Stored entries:
(* Let $\mathbf{A}\in\mathbb{R}^{n\times n}$ be symmetric positive definite, and let $\mathbf{A}_\ell=\mathbf{A}+\sum_{k=1}^{\ell}\mathbf{P}_k\mathbf{E}_k\mathbf{P}_k$, where each $\mathbf{E}_k\in\mathbb{R}^{n\times n}$ is symmetric and each $\mathbf{P}_k$ is an orthogonal projection matrix. Suppose $$\sum_{k=1}^{\ell}\|\mathbf{E}_k\|_2\,\|\mathbf{P}_k\mathbf{A}^{-1}\mathbf{P}_k\|_2\le\mu<1.$$ Then $\mathbf{A}_\ell$ is symmetric positive definite and the condition number satisfies $$\kappa\!\left(\mathbf{A}_\ell^{-1/2}\mathbf{A}\,\mathbf{A}_\ell^{-1/2}\right)\le\frac{1+\mu}{1-\mu}.$$
   Context: For an SPD matrix $\mathbf{X}=\mathbf{V}\mathbf{\Lambda}\mathbf{V}^T$ (eigendecomposition), $\mathbf{X}^{1/2}=\mathbf{V}\mathbf{\Lambda}^{1/2}\mathbf{V}^T$ and $\mathbf{X}^{-1/2}$ is its inverse; $\kappa$ denotes the 2-norm condition number (ratio of largest to smallest eigenvalue for an SPD matrix). *)

(* Reals are modelled by an arbitrary real closed field R
   (needed for square roots). *)
From HB Require Import structures.
From mathcomp Require Import all_boot all_order all_algebra.
From Stdlib Require Import ClassicalEpsilon.
Set Implicit Arguments. Unset Strict Implicit. Unset Printing Implicit Defensive.
Import Order.TTheory GRing.Theory Num.Theory.
Local Open Scope ring_scope.

Section Defs.
Variable R : rcfType.
Variable n : nat.

Definition symm_mx (A : 'M[R]_n) : Prop := A^T = A.

Definition spd (A : 'M[R]_n) : Prop :=
  symm_mx A /\ forall x : 'cV[R]_n, x != 0 -> 0 < (x^T *m A *m x) 0 0.

Definition orth_proj (P : 'M[R]_n) : Prop := P^T = P /\ P *m P = P.

Definition vnorm (x : 'cV[R]_n) : R := Num.sqrt (\sum_i (x i 0) ^+ 2).

Definition is_norm2 (A : 'M[R]_n) (c : R) : Prop :=
  0 <= c /\ (forall x, vnorm (A *m x) <= c * vnorm x) /\
  (forall d, 0 <= d -> (forall x, vnorm (A *m x) <= d * vnorm x) -> c <= d).

Definition norm2 (A : 'M[R]_n) : R := epsilon (inhabits 0) (is_norm2 A).

Definition kappa (A : 'M[R]_n) : R := norm2 A * norm2 (invmx A).

Definition is_sqrtm (X S : 'M[R]_n) : Prop :=
  exists (V : 'M[R]_n) (d : 'rV[R]_n),
    V^T *m V = 1%:M /\ (forall i, 0 <= d 0 i) /\
    X = V *m diag_mx d *m V^T /\
    S = V *m diag_mx (map_mx Num.sqrt d) *m V^T.

Definition sqrtm (X : 'M[R]_n) : 'M[R]_n := epsilon (inhabits 0) (is_sqrtm X).

Definition isqrtm (X : 'M[R]_n) : 'M[R]_n := invmx (sqrtm X).

End Defs.

(* Let A be SPD and A_l = A + sum_k P_k E_k P_k with E_k symmetric and P_k
   orthogonal projections, where sum_k |E_k| |P_k A^-1 P_k| <= mu < 1.
   The proof only looks at the quadratic forms x^T X x.
   1. For an orthogonal projection P, |P x|^2 <= |P A^-1 P| x^T A x
      (Cauchy-Schwarz for the inner product defined by A).  Hence each term
      satisfies |x^T P E P x| <= |E| |P A^-1 P| x^T A x, and summing gives
      (1 - mu) x^T A x <= x^T A_l x <= (1 + mu) x^T A x.
   2. The lower bound makes A_l SPD.  For T = A_l^{-1/2} and N = T A T the
      substitution x = T y turns the two bounds into
      (1 - mu) y^T N y <= y^T y <= (1 + mu) y^T N y,
      so |N| <= 1/(1 - mu) and |N^-1| <= 1 + mu, whence the bound on kappa. *)

From HB Require Import structures.
From mathcomp Require Import all_boot all_order all_algebra.
From mathcomp Require Import ring lra.
From mathcomp Require Import complex.
From Stdlib Require Import ClassicalEpsilon.
Set Implicit Arguments. Unset Strict Implicit. Unset Printing Implicit Defensive.
Import Order.TTheory GRing.Theory Num.Theory.
Local Open Scope ring_scope.

Section InnerProduct.
Variable R : rcfType.

Definition dot m (x y : 'cV[R]_m) : R := (x^T *m y) 0 0.

Definition psd_form m (N : 'M[R]_m) : Prop := forall z, 0 <= dot z (N *m z).

Lemma dotE m (x y : 'cV[R]_m) : dot x y = \sum_i x i 0 * y i 0.
Proof. by rewrite /dot mxE; apply: eq_bigr => i _; rewrite mxE. Qed.

Lemma dotC m (x y : 'cV[R]_m) : dot x y = dot y x.
Proof. by rewrite !dotE; apply: eq_bigr => i _; rewrite mulrC. Qed.

Lemma dot_ge0 m (x : 'cV[R]_m) : 0 <= dot x x.
Proof. by rewrite dotE; apply: sumr_ge0 => i _; rewrite -expr2 sqr_ge0. Qed.

Lemma dot_eq0 m (x : 'cV[R]_m) : dot x x = 0 -> x = 0.
Proof.
rewrite dotE => x0; apply/matrixP => i j; rewrite ord1 mxE.
have sq0 : \sum_i x i 0 ^+ 2 = 0.
  by rewrite -[RHS]x0; apply: eq_bigr => k _; rewrite expr2.
have := @psumr_eq0P _ _ predT (fun k => x k 0 ^+ 2) (fun k _ => sqr_ge0 _) sq0 i isT.
by move/eqP; rewrite sqrf_eq0 => /eqP.
Qed.

Lemma dotDl m (x y z : 'cV[R]_m) : dot (x + y) z = dot x z + dot y z.
Proof. by rewrite !dotE -big_split; apply: eq_bigr => i _; rewrite !mxE mulrDl. Qed.

Lemma dotDr m (x y z : 'cV[R]_m) : dot z (x + y) = dot z x + dot z y.
Proof. by rewrite dotC dotDl !(dotC z). Qed.

Lemma dotNl m (x z : 'cV[R]_m) : dot (- x) z = - dot x z.
Proof. by rewrite !dotE -sumrN; apply: eq_bigr => i _; rewrite !mxE mulNr. Qed.

Lemma dotBl m (x y z : 'cV[R]_m) : dot (x - y) z = dot x z - dot y z.
Proof. by rewrite dotDl dotNl. Qed.

Lemma dotBr m (x y z : 'cV[R]_m) : dot z (x - y) = dot z x - dot z y.
Proof. by rewrite dotC dotBl !(dotC z). Qed.

Lemma dotZl m a (x z : 'cV[R]_m) : dot (a *: x) z = a * dot x z.
Proof. by rewrite !dotE mulr_sumr; apply: eq_bigr => i _; rewrite !mxE mulrA. Qed.

Lemma dotZr m a (x z : 'cV[R]_m) : dot z (a *: x) = a * dot z x.
Proof. by rewrite dotC dotZl dotC. Qed.

Lemma dot_sumr m (I : finType) x (f : I -> 'cV[R]_m) :
  dot x (\sum_k f k) = \sum_k dot x (f k).
Proof.
rewrite dotE; under eq_bigr do rewrite summxE mulr_sumr.
by rewrite exchange_big; apply: eq_bigr => k _; rewrite dotE.
Qed.

Lemma dotTr m (N : 'M[R]_m) x y : dot x (N *m y) = dot (N^T *m x) y.
Proof. by rewrite /dot trmx_mul trmxK mulmxA. Qed.

Lemma dot_delta m (i : 'I_m) (x : 'cV[R]_m) : dot (delta_mx i 0) x = x i 0.
Proof.
rewrite dotE (bigD1 i) //= big1 ?addr0; first by rewrite mxE !eqxx mul1r.
by move=> j /negbTE ji; rewrite mxE ji mul0r.
Qed.

Lemma dot0r m (x : 'cV[R]_m) : dot x 0 = 0.
Proof. by rewrite dotE big1 // => i _; rewrite mxE mulr0. Qed.

Lemma dot_delta1 m (i : 'I_m) : dot (delta_mx i 0) (delta_mx i 0) = 1 :> R.
Proof. by rewrite dot_delta mxE !eqxx. Qed.

Lemma dot_orth m (V : 'M[R]_m) x y :
  V^T *m V = 1%:M -> dot (V *m x) (V *m y) = dot x y.
Proof. by move=> VV; rewrite dotTr mulmxA VV mul1mx. Qed.

End InnerProduct.

Section CauchySchwarz.
Variable R : rcfType.

Lemma quad_disc (a b c : R) : 0 <= c ->
  (forall t, 0 <= a + 2 * t * b + t ^+ 2 * c) -> b ^+ 2 <= a * c.
Proof.
move=> c0 nonneg; have [c_eq0|c_neq0] := eqVneq c 0.
  have [-> | b_neq0] := eqVneq b 0; first by rewrite c_eq0 expr0n mulr0.
  have := nonneg (- (a + 1) / (2 * b)); rewrite c_eq0.
  have -> : a + 2 * (- (a + 1) / (2 * b)) * b + (- (a + 1) / (2 * b)) ^+ 2 * 0 = -1.
    by field; rewrite b_neq0.
  by rewrite ler0N1.
have c_gt0 : 0 < c by rewrite lt_def c_neq0.
have := nonneg (- b / c).
have -> : a + 2 * (- b / c) * b + (- b / c) ^+ 2 * c = (a * c - b ^+ 2) / c by field.
by rewrite ler_pdivlMr // mul0r subr_ge0.
Qed.

Lemma cs_form m (B : 'M[R]_m) x y : B^T = B -> psd_form B ->
  dot x (B *m y) ^+ 2 <= dot x (B *m x) * dot y (B *m y).
Proof.
move=> sB psdB; apply: quad_disc => // t.
have := psdB (x + t *: y).
have sym : dot y (B *m x) = dot x (B *m y) by rewrite dotTr sB dotC.
rewrite mulmxDr -scalemxAr !dotDl !dotDr !dotZl !dotZr sym.
move=> /le_trans; apply; rewrite le_eqVlt; apply/orP; left; apply/eqP; ring.
Qed.

Lemma cs m (x y : 'cV[R]_m) : dot x y ^+ 2 <= dot x x * dot y y.
Proof.
have psd1 : psd_form (1%:M : 'M[R]_m) by move=> z; rewrite mul1mx dot_ge0.
by have := cs_form x y (trmx1 _ _) psd1; rewrite !mul1mx.
Qed.

Lemma sqr_le_cancel (s c q : R) : 0 <= s -> 0 <= c -> 0 <= q ->
  s ^+ 2 <= c * s * q -> s <= c * q.
Proof.
move=> s0 c0 q0 le_sq; have [-> | s_neq0] := eqVneq s 0; first by rewrite mulr_ge0.
have s_gt0 : 0 < s by rewrite lt_def s_neq0.
by rewrite -(ler_pM2r s_gt0) -expr2 (le_trans le_sq) // mulrAC.
Qed.

End CauchySchwarz.

Section Spectral.
Variable R : rcfType.

Lemma sym_eigenvalue_conj n (A : 'M[R]_n) (z : R[i]) :
  A^T = A -> eigenvalue (map_mx (real_complex R) A) z -> z = conjc z.
Proof.
move=> sA /eigenvalueP [v Hv vn0].
pose AC := map_mx (real_complex R) A.
pose w := map_mx (@conjc R) v.
have ACt : AC^T = AC by rewrite /AC map_trmx sA.
have Hw : w *m AC = conjc z *: w.
  have ACc : map_mx (@conjc R) AC = AC.
    by apply/matrixP => i j; rewrite !mxE conjc_real.
  by rewrite -ACc /w -map_mxM Hv; apply/matrixP => i j; rewrite !mxE rmorphM.
pose t := (v *m w^T) 0 0.
have t_neq0 : t != 0.
  rewrite /t mxE; apply/negP => /eqP t0.
  have vw_ge0 (i : 'I_n) : true -> 0 <= v 0 i * w^T i 0.
    by move=> _; rewrite !mxE; apply: mulcJ_ge0.
  have vw0 := psumr_eq0P vw_ge0 t0.
  move/negP: vn0; apply; apply/eqP/rowP => i; rewrite mxE.
  have := vw0 i isT; rewrite !mxE => /eqP.
  by rewrite mulf_eq0 conjc_eq0 orbb => /eqP.
have vAw_z : (v *m AC *m w^T) 0 0 = z * t by rewrite Hv -scalemxAl mxE.
have vAw_conj : (v *m AC *m w^T) 0 0 = conjc z * t.
  have tr1 (M : 'M[R[i]]_1) : M 0 0 = M^T 0 0 by rewrite mxE.
  rewrite tr1 !trmx_mul trmxK ACt mulmxA Hw -scalemxAl mxE.
  by rewrite /t tr1 trmx_mul trmxK.
by apply: (mulIf t_neq0); rewrite -vAw_z -vAw_conj.
Qed.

TO DO
Where the word "symmetric" shows up in a line of the entries above, copy that line.

RESULT FOR THIS EXERCISE
(* Let $\mathbf{A}\in\mathbb{R}^{n\times n}$ be symmetric positive definite, and let $\mathbf{A}_\ell=\mathbf{A}+\sum_{k=1}^{\ell}\mathbf{P}_k\mathbf{E}_k\mathbf{P}_k$, where each $\mathbf{E}_k\in\mathbb{R}^{n\times n}$ is symmetric and each $\mathbf{P}_k$ is an orthogonal projection matrix. Suppose $$\sum_{k=1}^{\ell}\|\mathbf{E}_k\|_2\,\|\mathbf{P}_k\mathbf{A}^{-1}\mathbf{P}_k\|_2\le\mu<1.$$ Then $\mathbf{A}_\ell$ is symmetric positive definite and the condition number satisfies $$\kappa\!\left(\mathbf{A}_\ell^{-1/2}\mathbf{A}\,\mathbf{A}_\ell^{-1/2}\right)\le\frac{1+\mu}{1-\mu}.$$
(* Let A be SPD and A_l = A + sum_k P_k E_k P_k with E_k symmetric and P_k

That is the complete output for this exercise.